#### Work request
Start at the line in the entries below that contains "(* graph of", stop at the line that contains "Definition antilinear (s", and output exactly the lines in that span, both ends included.

#### Entries supplied
--
(* Define $\rho:Q^4\to Q^4$ by $\rho(l)=l^{\perp}$, where $l$ is a projective line of $\mathbb{CP}^3$ and $l^\perp$ is its orthogonal with respect to $h$. Then $\{\rho,Q^4\}$ is a real structure. Its real set is a real quadric of signature $(2,4)$ and corresponds to the set of two-spheres contained in $S^3$ together with the points of $S^3$.
   Context: $\mathbb{H}$ denotes the quaternions, $\mathbb{H}=\mathbb{C}\oplus j\mathbb{C}$ with $\mathbb{C}=\mathrm{span}_{\mathbb{R}}\{1,i\}$; $\mathbb{H}^2$ is a right $\mathbb{H}$-vector space identified with $\mathbb{C}^4$; $\mathbb{HP}^1=\{v\mathbb{H}\}\cong S^4$, $\mathbb{CP}^3=\mathbb{P}(\mathbb{C}^4)$; the twistor fibre over $v\mathbb{H}$ is the projective line through $[v],[vj]$. $Q^4=\{[\alpha]\in\mathbb{P}(\Lambda^2\mathbb{C}^4):\alpha\wedge\alpha=0\}$, with $[v\wedge w]$ identified with the line of $\mathbb{CP}^3$ through $[v],[w]$; each such line is either a twistor fibre (a point of $S^4$) or the twistor lift of a round two-sphere with conformal structure. Fix an $\mathbb{H}$-basis $e_1,e_2$ of $\mathbb{H}^2$ and the quaternionic hermitian form $\mathfrak{h}(e_1a+e_2b,e_1c+e_2d)=\bar a d+\bar b c$ (matrix $\begin{pmatrix}0&1\\1&0\end{pmatrix}$); write $\mathfrak{h}=h+j\omega$ with $h,\omega$ $\mathbb{C}$-valued. Then $h$ is a hermitian form of signature $(2,2)$ on $\mathbb{C}^4$ and $\omega$ is an alternating complex bilinear form. $S^3=\{x\mathbb{H}:\mathfrak{h}(x,x)=0\}\subset S^4$ (in the chart $\{[e_1x+e_2]\}$ this is $\mathrm{Im}\,\mathbb{H}\cup\{\infty\}$). For a projective line $l$, $l^\perp=\mathbb{P}\{x\in\mathbb{C}^4:h(x,y)=0\ \forall y\in l\}$, again a projective line. A real structure on a complex manifold is an antiholomorphic involution; its real set is its fixed point set. *)

From HB Require Import structures.
From mathcomp Require Import all_boot all_order all_algebra.
From mathcomp Require Import reals.
From mathcomp Require Export complex.
Set Implicit Arguments. Unset Strict Implicit. Unset Printing Implicit Defensive.
Import Order.TTheory GRing.Theory Num.Theory.
Local Open Scope ring_scope.

Section Twistor.
Variable R : rcfType.
Local Notation C := R[i].

(* ---------- Quaternions  H = C (+) jC :  (z, w) represents z + j w ---------- *)
Record quat := Quat { qz : C; qw : C }.

Definition qadd (p q : quat) : quat := Quat (qz p + qz q) (qw p + qw q).
(* (z1 + j w1)(z2 + j w2) = (z1 z2 - conj(w1) w2) + j (conj(z1) w2 + w1 z2),
   using  z j = j conj(z)  and  j^2 = -1 *)
Definition qmul (p q : quat) : quat :=
  Quat (qz p * qz q - conjc (qw p) * qw q) (conjc (qz p) * qw q + qw p * qz q).
Definition qconj (p : quat) : quat := Quat (conjc (qz p)) (- qw p).
Definition qj : quat := Quat 0 1.
Definition qzero : quat := Quat 0 0.

Definition o4 (n : nat) : 'I_4 := inord n.
(* v = e1 a + e2 b,  a = v0 + j v1,  b = v2 + j v3 *)
Definition qa (v : 'rV[C]_4) : quat := Quat (v 0 (o4 0)) (v 0 (o4 1)).
Definition qb (v : 'rV[C]_4) : quat := Quat (v 0 (o4 2)) (v 0 (o4 3)).
Definition of_H2 (a b : quat) : 'rV[C]_4 :=
  \row_(k < 4) (if (k : nat) == 0%N then qz a else if (k : nat) == 1%N then qw a
                else if (k : nat) == 2%N then qz b else qw b).

Definition rmulj (v : 'rV[C]_4) : 'rV[C]_4 := of_H2 (qmul (qa v) qj) (qmul (qb v) qj).

Definition hq (x y : 'rV[C]_4) : quat :=
  qadd (qmul (qconj (qa x)) (qb y)) (qmul (qconj (qb x)) (qa y)).
(* h = C-component of hq (hq = h + j omega) *)
Definition hform (x y : 'rV[C]_4) : C := qz (hq x y).

(* the point vH of S^4 lies in S^3 *)
Definition inS3 (v : 'rV[C]_4) : Prop := hq v v = qzero.

(* a line is the row space of L : 'M_(2,4) with \rank L = 2 *)
Definition twistor_fibre (L : 'M[C]_(2,4)) : Prop :=
  forall v : 'rV[C]_4, (v <= L)%MS -> (rmulj v <= L)%MS.

Definition is_perp (L M : 'M[C]_(2,4)) : Prop :=
  forall y : 'rV[C]_4, (y <= M)%MS <-> (forall x : 'rV[C]_4, (x <= L)%MS -> hform x y = 0).

(* ---------- Lambda^2 C^4 = C^6, basis e01,e02,e03,e12,e13,e23 ---------- *)
Definition pi1 (k : 'I_6) : 'I_4 := o4 (nth 0%N [:: 0; 0; 0; 1; 1; 2]%N k).
Definition pi2 (k : 'I_6) : 'I_4 := o4 (nth 0%N [:: 1; 2; 3; 2; 3; 3]%N k).
Definition o6 (n : nat) : 'I_6 := inord n.

(* Pluecker vector v /\ w of the rows v = L_0, w = L_1 *)
Definition pl (L : 'M[C]_(2,4)) : 'rV[C]_6 :=
  \row_(k < 6) (L 0 (pi1 k) * L 1 (pi2 k) - L 0 (pi2 k) * L 1 (pi1 k)).

(* alpha /\ alpha = 2 * klein alpha * e0123 *)
Definition klein (a : 'rV[C]_6) : C :=
  a 0 (o6 0) * a 0 (o6 5) - a 0 (o6 1) * a 0 (o6 4) + a 0 (o6 2) * a 0 (o6 3).

Definition inQ4 (a : 'rV[C]_6) : Prop := a != 0 /\ klein a = 0.

Definition proj_eq (a b : 'rV[C]_6) : Prop := exists c : C, c != 0 /\ b = c *: a.

(* graph of rho : [a] = [v /\ w] (line l)  |->  [b] = l^perp *)
Definition rho (a b : 'rV[C]_6) : Prop :=
  exists L M : 'M[C]_(2,4), [/\ \rank L = 2%N, \rank M = 2%N, proj_eq (pl L) a,
                               is_perp L M & proj_eq (pl M) b].

Definition antilinear (s : 'rV[C]_6 -> 'rV[C]_6) : Prop :=
  forall (c : C) (x y : 'rV[C]_6), s (c *: x + y) = conjc c *: s x + s y.

Definition sig24 (x : 'I_6 -> R) : R :=
  x (o6 0) ^+ 2 + x (o6 1) ^+ 2 - x (o6 2) ^+ 2 - x (o6 3) ^+ 2 - x (o6 4) ^+ 2 - x (o6 5) ^+ 2.

Definition rC (x : R) : C := (x%:C)%C.

End Twistor.

(** In Plücker coordinates the h-orthogonal of the line [v /\ w] has Plücker
    vector [sperp (v /\ w)], where [sperp] is an explicit antilinear involution
    of Lambda^2 C^4 with [klein (sperp a) = conj (klein a)].  Hence rho is the
    projectivisation of [sperp]: a well defined antiholomorphic involution of
    Q^4.  The fixed vectors of [sperp] form a real form spanned by six explicit
    vectors, on which the Klein form is the quadratic form of signature (2,4);
    and a point of P(Lambda^2 C^4) fixed by rho has a fixed representative,
    because [sperp a = t a] forces [|t| = 1], and then [(1 + t) a] (or [i a]
    when [t = -1]) is fixed.  Finally a line [l] is fixed by rho iff
    [l = l^perp], i.e. [l] is h-isotropic, which by polarisation means that
    every vector of [l] is h-null: [l] lies over S^3. *)

From HB Require Import structures.
From mathcomp Require Import all_boot all_order all_algebra.
From mathcomp Require Import reals complex ring.
From Stdlib Require Import Classical.
Set Implicit Arguments. Unset Strict Implicit. Unset Printing Implicit Defensive.
Import Order.TTheory GRing.Theory Num.Theory.
Local Open Scope ring_scope.

Section TwistorRealStructure.
Variable R : rcfType.
Local Notation C := R[i].
Local Notation I := ('i%C : C).
Arguments conjc : simpl never.

(* Instances of the generic [rmorph*] lemmas whose right-hand sides keep the
   bare [conjc], so that [conjcK] still applies after rewriting. *)
Lemma conjcM (a b : C) : conjc (a * b) = conjc a * conjc b. Proof. exact: rmorphM. Qed.
Lemma conjcD (a b : C) : conjc (a + b) = conjc a + conjc b. Proof. exact: rmorphD. Qed.
Lemma conjcB (a b : C) : conjc (a - b) = conjc a - conjc b. Proof. exact: rmorphB. Qed.
Lemma conjcN (a : C) : conjc (- a) = - conjc a. Proof. exact: rmorphN. Qed.

Ltac conjc_simpl := rewrite ?(conjcM, conjcD, conjcB, conjcN, conjc0, conjc1, conjcK).

Lemma o4K n : (n < 4)%N -> nat_of_ord (o4 n) = n.
Proof. by move=> h; rewrite /o4 inordK. Qed.

Lemma o6K n : (n < 6)%N -> nat_of_ord (o6 n) = n.
Proof. by move=> h; rewrite /o6 inordK. Qed.

Lemma o4_eq n m : (n < 4)%N -> (m < 4)%N -> (o4 n == o4 m) = (n == m).
Proof. by move=> hn hm; rewrite -val_eqE /= !o4K. Qed.

Lemma ord2E (i : 'I_2) : i = 0 \/ i = 1.
Proof. by case: i => [[|[|n]] h]; [left|right|]; try apply: val_inj. Qed.

Lemma ord4E (i : 'I_4) : [\/ i = o4 0, i = o4 1, i = o4 2 | i = o4 3].
Proof.
case: i => [[|[|[|[|n]]]] h]; try (by []);
  [constructor 1|constructor 2|constructor 3|constructor 4]; apply: val_inj; by rewrite /= o4K.
Qed.

Lemma ord6E (i : 'I_6) :
  i = o6 0 \/ i = o6 1 \/ i = o6 2 \/ i = o6 3 \/ i = o6 4 \/ i = o6 5.
Proof.
case: i => [[|[|[|[|[|[|n]]]]]] h]; try (by []);
  [left|right;left|right;right;left|do 3 right; left|do 4 right; left|do 5 right];
  apply: val_inj; by rewrite /= o6K.
Qed.

Lemma sum_ord2 (F : 'I_2 -> C) : \sum_(i < 2) F i = F 0 + F 1.
Proof. by rewrite big_ord_recl big_ord1; congr (_ + F _); apply: val_inj. Qed.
--
#### Task solution
(* graph of rho : [a] = [v /\ w] (line l)  |->  [b] = l^perp *)
Definition rho (a b : 'rV[C]_6) : Prop :=
  exists L M : 'M[C]_(2,4), [/\ \rank L = 2%N, \rank M = 2%N, proj_eq (pl L) a,
                               is_perp L M & proj_eq (pl M) b].

Definition antilinear (s : 'rV[C]_6 -> 'rV[C]_6) : Prop :=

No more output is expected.